The sleen lifted their heads from their feeding, looked upward, and then, their snouts bloody, thrust their jaws again into the mass of blood, cloth and meat under their paws, between the riders and the back of the wagon.
Ellen heard the sound of gunfire.
One of Portus’s men who had held the two crossbows wheeled away from the back of the wagon, stumbling, the weapon discharged, fallen to the grass. An arrow transfixed his throat. His hands were on the shaft, and he broke it, it snapping with a sharp sound, but then, his eyes glazed, blood running from his mouth, and from about the splintered shaft lodged in his throat, he sank to the grass.
The tharlarion swung its head about, bellowing. Its heavy tail lashed, pounding the earth. It twisted in the traces. The wagon rocked, half off the ground, tipped, and then righted itself. Ellen heard an arrow strike into the wagon bed above her. An angry metal point seemed suddenly to have grown from the splintered wood above her.
Two of Portus’s men, weapons in their hands, now crouched under the wagon with her, taking cover from the fire from above. Two others were crouched behind the tharlarion. There were cries of rage from the mounted men about. Their mounts wheeled about, squealing. Men struggled to control them. Two men had dismounted and were looking upward. The beasts howled. One tore at the grass. Another, in frustration, sprang upward, again and again, reaching upward, as if it might clutch and tear the clouds themselves. The sleen fed, now more placidly. There was more gunfire. And then it was suddenly quiet.
Ellen crawled on her knees from under the wagon.
A great bird, a tarn, lay thrashing in the grass fifty yards away, amidst the debris of a tarn basket.
Cosian men at arms, some armed with short bows, such as may be used with convenience from tarn baskets, which may clear the bulwarks and fire amongst the ropes, saddle bows, actually, such as are favored for similar reasons by tarnsmen, were drawing away, afoot. One or two bodies lay near the thrashing tarn. In the distance, but turning now, obviously withdrawing, but not abandoning the field, were four more tarns, each with a tarn basket slung beneath it.

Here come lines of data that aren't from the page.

(* Let $n\ge2$, let $X\subset\mathbb{R}^n$ be finite with the Euclidean metric $d$, let $k\in\mathbb{N}$, and fix an increasing sequence $0=\epsilon_0<\epsilon_1<\epsilon_2<\cdots$. Let $i\in\mathbb{N}$. For every $\alpha$ with $\epsilon_{i-1}<\alpha\le\epsilon_i$: (1) $E(H(i)_\alpha)\subset E(G(X,\rho^X)_\alpha)$; (2) if $(p,q)\in E(G(X,\rho^X)_\alpha)$, then there is a path in $H(i)_\alpha$ joining $p$ and $q$.
   Context: DBSCAN$^*$: for $Y\subset X$ and $\epsilon>0$, $\mathcal{C}(Y,\epsilon)=\{p\in Y:|\{y\in Y:d(p,y)\le\epsilon\}|>k\}$, $\mathcal{N}(Y,\epsilon)=Y\setminus\mathcal{C}(Y,\epsilon)$, and $\mathcal{D}^*(Y,\epsilon)$ is the set of vertex sets of the connected components of the graph with vertex set $\mathcal{C}(Y,\epsilon)$ and an edge between distinct $p,q$ whenever $d(p,q)\le\epsilon$. For $Z\subset X$ and $p\in Z$, $\operatorname{core}^Z_k(p)$ is the distance from $p$ to a $k$-th nearest neighbour of $p$ in $Z$ (the $k$-th smallest value of $d(p,z)$, $z\in Z\setminus\{p\}$, with multiplicity) and $\rho^Z(p,q)=\max\{\operatorname{core}^Z_k(p),\operatorname{core}^Z_k(q),d(p,q)\}$ for $p\ne q$, $\rho^Z(p,p)=0$. Cubes (for a given $\epsilon>0$): $\mathcal{Q}(\epsilon)$ is the collection of closed cubes $\{x\in\mathbb{R}^n: j_i\frac{\epsilon}{2\sqrt n}\le x_i\le (j_i+1)\frac{\epsilon}{2\sqrt n}\}$, $j\in\mathbb{Z}^n$; $S^m=\{x:\max_i|x_i-s_i|\le m\frac{\epsilon}{2\sqrt n}\text{ for some }s\in S\}$; $\mathcal{I}(B)=\{S\in\mathcal{Q}(\epsilon):S\cap B\ne\emptyset\}$. For $A\subset X$, $S\in\mathcal{I}(A)$ is an interior cube of $A$ if $S^1\cap X\subset A$ and every $T\in\mathcal{Q}(\epsilon)$ with $T\subset S^1$ lies in $\mathcal{I}(A)$, otherwise a boundary cube; $\partial A$ is the union of boundary cubes. For $Z\subset\mathbb{R}^n$, integer $N\ge0$: $Z^N=\bigcup_{S\in\mathcal{I}(Z)}S^N$, $Z^N_C=Z^N\cap C$. $\mathfrak{n},\mathfrak{m}$ are the smallest integers with $\mathfrak{n}\ge\sqrt n-1$, $\mathfrak{m}\ge2\sqrt n$; $\mathfrak{N}=\mathfrak{n}+\mathfrak{m}$. $F(Y,\epsilon)=\bigcup_{C\in\mathcal{D}^*(Y,\epsilon)}(\partial C)^{\mathfrak{N}}_C\cup\mathcal{N}(Y,\epsilon)$, cubes in $\mathcal{Q}(\epsilon)$. Graphs: $G(Z,w)$ is the complete weighted graph on finite $Z$ with weights $w(p,q)$; for a weighted graph $G$ and $\alpha\ge0$, $G_\alpha$ has the same vertices and only the edges of weight $\le\alpha$; $E(G)$ is the edge set. The union $G\cup H$ of weighted graphs has vertex set $V(G)\cup V(H)$, edge set $E(G)\cup E(H)$, and weight on a common edge the minimum of the two weights. Construction: $X_1=X$, $X_{i+1}=F(X_i,\epsilon_i)$ for $i\ge1$; $H(0)$ is the graph on $X_1$ with no edges; for $i\ge0$, $H(i+1)=\bigcup_{C\in\mathcal{D}^*(X_{i+1},\epsilon_{i+1})}G\big(B_{\epsilon_{i+1}}(C),\rho^{B_{\epsilon_{i+1}}(C)}\big)_{\epsilon_{i+1}}\cup H(i)$, where $B_{\epsilon_{i+1}}(C)=\{y\in X_{i+1}: d(y,C)\le\epsilon_{i+1}\}$. *)

From HB Require Import structures.
From mathcomp Require Import all_boot all_order all_algebra.
From mathcomp Require Import finmap.
From mathcomp Require Import boolp reals constructive_ereal.
Set Implicit Arguments.
Unset Strict Implicit.
Unset Printing Implicit Defensive.
Import Order.TTheory GRing.Theory Num.Theory.
Local Open Scope ring_scope.
Local Open Scope fset_scope.

Section DBSCAN.
Variables (R : realType) (n : nat).
Local Notation P := 'rV[R]_n.

Definition dist (x y : P) : R := Num.sqrt (\sum_(i < n) (x 0 i - y 0 i) ^+ 2).

Definition side (e : R) : R := e / (2 * Num.sqrt (n%:R)).

Definition in_cube (e : R) (j : 'I_n -> int) (x : P) : Prop :=
  forall i, (j i)%:~R * side e <= x 0 i <= (j i + 1)%:~R * side e.

Definition in_thick (e : R) (j : 'I_n -> int) (m : R) (x : P) : Prop :=
  exists s : P, in_cube e j s /\
    forall i, `|x 0 i - s 0 i| <= m * side e.

Definition meets (e : R) (j : 'I_n -> int) (B : P -> Prop) : Prop :=
  exists x, B x /\ in_cube e j x.

Definition interior_cube (X : {fset P}) (e : R) (A : {fset P})
    (j : 'I_n -> int) : Prop :=
  [/\ meets e j (fun x => x \in A),
      (forall x, x \in X -> in_thick e j 1 x -> x \in A) &
      (forall t : 'I_n -> int, (forall x, in_cube e t x -> in_thick e j 1 x) ->
          meets e t (fun x => x \in A))].

Definition boundary_cube (X : {fset P}) (e : R) (A : {fset P})
    (j : 'I_n -> int) : Prop :=
  meets e j (fun x => x \in A) /\ ~ interior_cube X e A j.

Definition in_boundary (X : {fset P}) (e : R) (A : {fset P}) (z : P) : Prop :=
  exists j, boundary_cube X e A j /\ in_cube e j z.

Definition in_thicken (e : R) (Z : P -> Prop) (N : R) (x : P) : Prop :=
  exists j, meets e j Z /\ in_thick e j N x.

Definition frak_n : int := Num.ceil (Num.sqrt (n%:R) - 1 : R).
Definition frak_m : int := Num.ceil (2 * Num.sqrt (n%:R) : R).
Definition frak_N : int := frak_n + frak_m.

Variable k : nat.

Definition core_pts (Y : {fset P}) (e : R) : {fset P} :=
  [fset p in Y | (k < #|` [fset y in Y | (dist p y <= e)%R]|)%N].

Definition noise (Y : {fset P}) (e : R) : {fset P} := Y `\` core_pts Y e.

Definition core_edge (Y : {fset P}) (e : R) : rel P :=
  fun a b => [&& a \in core_pts Y e, b \in core_pts Y e, a != b & dist a b <= e].

Definition reach (Y : {fset P}) (e : R) (p q : P) : Prop :=
  exists s : seq P, path (core_edge Y e) p s /\ last p s = q.

Definition component (Y : {fset P}) (e : R) (p : P) : {fset P} :=
  [fset q in core_pts Y e | `[< reach Y e p q >]].

Definition components (Y : {fset P}) (e : R) : {fset {fset P}} :=
  [fset component Y e p | p in core_pts Y e].

(* F(Y, eps); X is the ambient data set (used in the notion of interior cube).
   Every piece of the union is a subset of Y, so we filter Y. *)
Definition Fset (X Y : {fset P}) (e : R) : {fset P} :=
  [fset x in Y | `[< x \in noise Y e \/
      exists C, C \in components Y e /\ x \in C /\
        in_thicken e (in_boundary X e C) (frak_N%:~R) x >]].

(* core^Z_k(p): k-th smallest distance from p to Z \ {p} (with multiplicity);
   +oo if Z \ {p} has fewer than k points; 0 when k = 0. *)
Definition core_dist (Z : {fset P}) (p : P) : \bar R :=
  let ds := sort <=%R [seq dist p z | z <- enum_fset Z & z != p] in
  if k == 0%N then 0%E
  else if (k <= size ds)%N then (nth 0 ds k.-1)%:E else +oo%E.

Definition rho (Z : {fset P}) (p q : P) : \bar R :=
  if p == q then 0%E
  else Order.max (Order.max (core_dist Z p) (core_dist Z q)) (dist p q)%:E.

Variables (X : {fset P}) (eps : nat -> R).

(* Xs j = X_{j+1} :  X_1 = X,  X_{j+2} = F(X_{j+1}, eps_{j+1}) *)
Fixpoint Xs (j : nat) : {fset P} :=
  match j with
  | 0 => X
  | j'.+1 => Fset X (Xs j') (eps j)
  end.

Definition ballC (Y C : {fset P}) (e : R) : {fset P} :=
  [fset y in Y | has (fun c => dist y c <= e) (enum_fset C)].

(* Weighted graphs on the vertex set X are encoded by a weight function;
   weight +oo means "no edge".  Weight of (p,q) in G(Z, rho^Z)_e : *)
Definition gw (Z : {fset P}) (e : R) (p q : P) : \bar R :=
  if [&& p \in Z, q \in Z, p != q & (rho Z p q <= e%:E)%E] then rho Z p q
  else +oo%E.

(* Hw i = weight function of H(i); union of graphs = minimum of weights *)
Fixpoint Hw (i : nat) : P -> P -> \bar R :=
  match i with
  | 0 => fun _ _ => +oo%E
  | i'.+1 => fun p q =>
      Order.min (Hw i' p q)
        (foldr (fun C acc => Order.min (gw (ballC (Xs i') C (eps i)) (eps i) p q) acc)
               +oo%E (enum_fset (components (Xs i') (eps i))))
  end.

She heard Portus Canio say, “They will come again.”
She then saw, with a gasp of relief, Selius Arconious. In his hand, but empty now, was the second crossbow. He who had held it earlier was to one side. In his inert body there were four arrows. Ellen supposed that the crossbowmen would be the prime targets of the aerial archers, as they would suppose, at least initially, that only those would be able to respond to their attack. That the tarns had withdrawn as they had, so quickly, suggested that the attackers had not anticipated the resistance they had encountered. Doubtless they were startled, and perhaps dismayed, and disconcerted, perhaps even frightened, by the noise of the gunfire, and the damage it might have wreaked amongst them. They would not have expected this. Probably nothing in their experiences would have prepared them for this. Surely they would fear, at least, that these noises, these harms, were the effects of what they had only heard of in stories, the effects of instruments they might have hitherto supposed merely fanciful, the effects of forbidden weapons.
The tarns were now alighting, several hundred yards away.
“They will come again, some on foot,” said Portus Canio. Then he regarded Selius Arconious. “You shot well,” he said.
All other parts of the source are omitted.